Question

angle efg and angle gfh are a linear pair, the measure of angle efg equals 4n+20, and measure of angle gfh equals 3n+13. what are the measures of angle efg and angle gfh?

Answer 1

A linear pair of angles are defined to equal 180 degrees. This means that you can add both expressions together and set them equal to 180 degrees. Once, you've done this, isolate the variable n in the equation and plug in the value to determine each angle.

Answer 2

∠EFG=104° and ∠GFH=76°

Explanation:

Given information:∠EFG = (4n+20)°, ∠GFH = (3n+13)° and ∠EFG and ∠GFH are a linear pair.

If two angles are a linear pair, then the sum of those angles is 180°.

It is given that ∠EFG and ∠GFH are a linear pair.

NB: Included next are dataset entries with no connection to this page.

(* $\mathbf S(\mathbf{pAND}\cup\mathbf{11tAND}\cup\mathbf{11pOR}\cup\mathbf{tOR})=\mathbf S(\mathbf{pAND}\cup\mathbf{11pOR}\cup\mathbf{tOR})$.
   Context: Petri nets: $(P,T,F)$ with finite disjoint places $P$, transitions $T$, flow edges $F\subseteq(P\times T)\cup(T\times P)$; $\bullet x=\{y\mid(y,x)\in F\}$, $x\bullet=\{y\mid(x,y)\in F\}$. Workflow nets. A pWF net is $(P,T,F,I,O)$ with $(P,T,F)$ a Petri net, $I,O\subseteq P$ non-empty, every node reachable by a directed path from some node of $I$, and some node of $O$ reachable from every node. A tWF net is the same with $I,O$ non-empty subsets of $T$. Input nodes may have incoming edges and output nodes outgoing edges. A WF net is a pWF or tWF net; it is one-input (one-output) if $|I|=1$ ($|O|=1$). Substitution. Let $N=(P,T,F,I,O)$ and $M=(P',T',F',I',O')$ be WF nets with disjoint node sets. If $p\in P$ and $M$ is a pWF net, $N\otimes_p M$ is obtained from $N$ by deleting $p$ and all edges incident to $p$, adding all nodes and edges of $M$, adding an edge $(t,p')$ for each $t\in\bullet_N p$ and each $p'\in I'$, and an edge $(p',t)$ for each $p'\in O'$ and each $t\in p\bullet_N$; its input set is $(I\setminus\{p\})\cup I'$ if $p\in I$ and $I$ otherwise, and its output set is $(O\setminus\{p\})\cup O'$ if $p\in O$ and $O$ otherwise. If $t\in T$ and $M$ is a tWF net, $N\otimes_t M$ is defined analogously: delete $t$ and its edges, add $M$, add $(q,t')$ for each $q\in\bullet_N t$, $t'\in I'$, and $(t',q)$ for each $t'\in O'$, $q\in t\bullet_N$, with input/output sets updated in the same way. The substitution closure $\mathbf S(C)$ of a class $C$ of WF nets is the smallest superclass of $C$ such that whenever $N,M\in\mathbf S(C)$ are disjoint, $N\otimes_p M\in\mathbf S(C)$ for every place $p$ of $N$ if $M$ is a pWF net, and $N\otimes_t M\in\mathbf S(C)$ for every transition $t$ of $N$ if $M$ is a tWF net. AND and OR nets. An AND net is an acyclic WF net $(P,T,F,I,O)$ such that for every place $p$: (1) either $p\in I$ and $|\bullet p|=0$, or $p\notin I$ and $|\bullet p|=1$; and (2) either $p\in O$ and $|p\bullet|=0$, or $p\notin O$ and $|p\bullet|=1$. An OR net is a (possibly cyclic) WF net such that for every transition $t$: (1) either $t\in I$ and $|\bullet t|=0$, or $t\notin I$ and $|\bullet t|=1$; and (2) either $t\in O$ and $|t\bullet|=0$, or $t\notin O$ and $|t\bullet|=1$. A pAND (tAND, pOR, tOR) net is an AND (AND, OR, OR) net that is a pWF (tWF, pWF, tWF) net. $\mathbf{pAND}$ is the class of pAND nets, $\mathbf{11tAND}$ the class of one-input one-output tAND nets, $\mathbf{11pOR}$ the class of one-input one-output pOR nets, and $\mathbf{tOR}$ the class of tOR nets. *)

(* Nodes are natural numbers (an infinite name supply, so that
   disjoint copies always exist); sets of nodes are predicates nat -> Prop. *)
From Stdlib Require Import List Relations.
Import ListNotations.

`\angle EFG+\angle GFH=180^(\circ)`

Substitute the given values.

`(4n+20)+(3n+13)=180`

Combined like terms.

`(4n+3n)+(20+13)=180`

`7n+33=180`

Subtract 33 from both sides.

`7n+33-33=180-33`

`7n=147`

Divide both sides by 7.

`n=21`

The value of n is 21.

`\angle EFG=4n+20=4(21)+20=104^(\circ)`

`\angle GFH=3n+13=3(21)+13=76^(\circ)`

Therefore, the measure of ∠EFG and ∠GFH are 104° and 76° respectively.